I was annoyed at the framing of race itself, Cobb using Othello as a parallel of his experiences in the white theatre establishment. The concept of race as it is today in America didn’t exist in Shakespeare’s day. Whiteness, Blackness, the one-drop rule, were “scientific” inventions created to justify chattel slavery, which was only in its nascency when Shakespeare wrote Othello. Cobb’s racialized experiences as a black man in 20thcentury America doesn’t necessarily translate to Elizabethan England, and to say that it does both belies a certain, very American, arrogance and privilege of its own, as well as implies that the current iteration of white supremacist infrastructure is more eternal, universal, and perhaps biologically based that it actually is, which, ultimately, gives it too much power and too much credit.
Finally, as the performance ended, the couple next to me, white, middle-aged, upper middle class, remarked to each other, “That was so powerful. So, so powerful.” It kind of reminded me of when Dave Chappelle heard a white man laughing at his comedy a little too hard, a revelation that led him to quit the industry for a decade. I’m disturbed by the overwhelming praise from white liberal audiences, for whom this might be the catharsis of the week, the glowing write-ups from white reviewers, who write about it as if it’s the first time they’ve heard about racism in theatre. Is anything actually going to change?

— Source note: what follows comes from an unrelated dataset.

(* Let $\Theta$ be an open saturated branch of a tableau in $\mathbf{TAB}_{\mathbf{IB}}$ with root formula $@_{i_0}\varphi_0$, let $\mathcal{M}^\Theta=(W^\Theta,R^\Theta,V^\Theta)$ be its model, $W^\Theta_r=\{w\in W^\Theta\mid wR^\Theta w\}$, and $\mathcal{M}^\Theta_B$ the bulldozed model of $\mathcal{M}^\Theta$. Let $i$ be an identity urfather on $\Theta$ and $\varphi$ a formula such that $@_i\varphi$ is a quasi-subformula of $@_{i_0}\varphi_0$. Then $\mathcal{M}^\Theta,i\models\varphi$ if and only if $\mathcal{M}^\Theta_B,i_B\models\varphi$, where $i_B=(i,0)$ if $i\in W^\Theta_r$ and $i_B=i$ otherwise.
   Context: Hybrid language: fix disjoint countably infinite sets $\mathbf{Prop}$ (propositional variables) and $\mathbf{Nom}$ (nominals). Formulas: $\varphi ::= p \mid i \mid \neg\varphi \mid \varphi\land\varphi \mid \Diamond\varphi \mid @_i\varphi$ with $p\in\mathbf{Prop}$, $i\in\mathbf{Nom}$; $\Box\varphi$ abbreviates $\neg\Diamond\neg\varphi$. A model $\mathcal{M}=(W,R,V)$ has $W$ nonempty, $R\subseteq W\times W$, and $V:\mathbf{Prop}\cup\mathbf{Nom}\to\mathcal{P}(W)$ with $V(i)=\{i^V\}$ a singleton for each nominal $i$. Satisfaction: $\mathcal{M},w\models p$ iff $w\in V(p)$; $\mathcal{M},w\models i$ iff $w=i^V$; Boolean clauses as usual; $\mathcal{M},w\models\Diamond\varphi$ iff there is $v$ with $wRv$ and $\mathcal{M},v\models\varphi$; $\mathcal{M},w\models @_i\varphi$ iff $\mathcal{M},i^V\models\varphi$. Tableau calculus $\mathbf{TAB}_{\mathbf{IB}}$. A tableau is a well-founded tree whose nodes are formulas of the form $@_i\varphi$; its root is a formula $@_i\varphi$ (the root formula) where $i$ does not occur in $\varphi$. A branch is a maximal path; $\varphi\in\Theta$ means $\varphi$ occurs on branch $\Theta$. Each branch is extended by applying the rules below to its formulas as often as possible, except that no further formula is added to a branch once either (i) every new formula generated by applying any rule already occurs on the branch, or (ii) the branch is closed, i.e. contains $@_i\varphi$ and $@_i\neg\varphi$ for some formula $\varphi$ and nominal $i$. Open means not closed. A branch is saturated if every new formula generated by applying some rule already occurs on it. An accessibility formula is a formula $@_i\Diamond j$ added by rule $[\Diamond]$ (with $j$ the new nominal). Rules (premises already on the branch; conclusions added to it): [$\neg\neg$] from $@_i\neg\neg\varphi$ add $@_i\varphi$; [$\land$] from $@_i(\varphi\land\psi)$ add $@_i\varphi$ and $@_i\psi$; [$\neg\land$] from $@_i\neg(\varphi\land\psi)$ split the branch into one extended by $@_i\neg\varphi$ and one extended by $@_i\neg\psi$; [$\Diamond$] from $@_i\Diamond\varphi$, which is not an accessibility formula, add $@_i\Diamond j$ and $@_j\varphi$ where $j$ is a nominal not occurring on the branch; this rule is applied at most once per formula, and only if $i$ is a quasi-urfather on the branch (defined below); [$\neg\Diamond$] from $@_i\neg\Diamond\varphi$ and $@_i\Diamond j$ add $@_j\neg\varphi$; [$\Box_{sym}$] from $@_i\Box\varphi$ and $@_j\Diamond i$ add $@_j\varphi$; [$@$] from $@_i@_j\varphi$ add $@_j\varphi$; [$\neg@$] from $@_i\neg@_j\varphi$ add $@_j\neg\varphi$; [$Id$] from $@_i\varphi$, which is not an accessibility formula, and $@_i j$ add $@_j\varphi$; [$Ref$] for any nominal $i$ occurring on the branch add $@_i i$; ($\mathcal{I}$) for any nominal $i$ occurring on the branch add $@_i\neg\Diamond i$. Auxiliary notions for a branch $\Theta$. $@_i\varphi$ is a quasi-subformula of $@_j\psi$ if $\varphi$ is a subformula of $\psi$, or $\varphi=\neg\chi$ with $\chi$ a subformula of $\psi$. For a nominal $i$ occurring in $\Theta$, $T^\Theta(i)=\{\varphi \mid @_i\varphi\in\Theta$ and $@_i\varphi$ is a quasi-subformula of the root formula$\}$. Nominals $i,j$ are twins if $T^\Theta(i)=T^\Theta(j)$. $i\prec_\Theta j$ if $j$ was introduced by applying $[\Diamond]$ to a formula $@_i\Diamond\varphi$; $\prec_\Theta^*$ is its reflexive transitive closure. A nominal $i$ is a quasi-urfather on $\Theta$ if there are no twins $j\neq k$ with $j\prec_\Theta^* i$ and $k\prec_\Theta^* i$. The identity urfather $v_\Theta(i)$ of a nominal $i$ occurring in $\Theta$ is the earliest introduced nominal $j$ on $\Theta$ such that $j$ is a twin of $i$ and $j$ is a quasi-urfather; it may fail to exist, and $\mathrm{dom}(v_\Theta)$ denotes the set of nominals for which it exists. A nominal is called an identity urfather on $\Theta$ if it is the identity urfather of some nominal (equivalently $v_\Theta(i)=i$). The model $\mathcal{M}^\Theta=(W^\Theta,R^\Theta,V^\Theta)$ of an open saturated branch $\Theta$ with root formula $@_{i_0}\varphi_0$: $W^\Theta$ is the set of identity urfathers on $\Theta$; $R^\Theta=\{(v_\Theta(i),v_\Theta(j)) \mid @_i\Diamond j\in\Theta,\ i,j\in\mathrm{dom}(v_\Theta)\}\cup\{(v_\Theta(j),v_\Theta(i)) \mid @_i\Diamond j\in\Theta,\ i,j\in\mathrm{dom}(v_\Theta)\}$; $V^\Theta(p)=\{v_\Theta(i)\mid @_i p\in\Theta\}$ for $p\in\mathbf{Prop}$; for a nominal $i$, $V^\Theta(i)=\{v_\Theta(i)\}$ if $i\in\mathrm{dom}(v_\Theta)$ and $V^\Theta(i)=\{i_0\}$ otherwise. Bulldozed model: given a model $\mathcal{M}=(W,R,V)$, let $W_r=\{w\in W\mid wRw\}$, $W^-=W\setminus W_r$, and $W_B=W^-\cup\{(w,n)\mid w\in W_r,\ n\in\{0,1\}\}$. Let $\alpha:W_B\to W$ be $\alpha(w)=w$ for $w\in W^-$ and $\alpha((w,n))=w$. Define $wR_Bv$ iff one of: ($w\in W^-$ or $v\in W^-$) and $\alpha(w)R\alpha(v)$; or $w=(w',m)$, $v=(v',n)$, $w'\neq v'$ and $w'Rv'$; or $w\neq v$ and $\alpha(w)=\alpha(v)$. Define $V_B(p)=\{w\in W_B\mid\alpha(w)\in V(p)\}$ for $p\in\mathbf{Prop}$; for a nominal $i$, $V_B(i)=\{(i^V,0)\}$ if $i^V\in W_r$, and $V_B(i)=V(i)$ otherwise. The bulldozed model is $\mathcal{M}_B=(W_B,R_B,V_B)$; $\mathcal{M}^\Theta_B$ denotes the bulldozed model of $\mathcal{M}^\Theta$. *)

From Stdlib Require Import List Arith Relation_Operators ClassicalEpsilon.
Import ListNotations.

Is this white couple going to take note and demand better from their local theaters, call their legislators, check themselves, or is this it, they’re just going to go home and pat themselves on the back for having “done their part”?
That’s the unsettling question that haunts me, weeks after seeing American Moor. Is this performance of racial pain just a ritualized self-flagellation session for elite liberal audiences to assuage their white guilt? Is this a commodification of ethnic trauma for white liberals to consume while doing nothing to change the institutions that oppress Cobb and others? Is this the new minstrel show?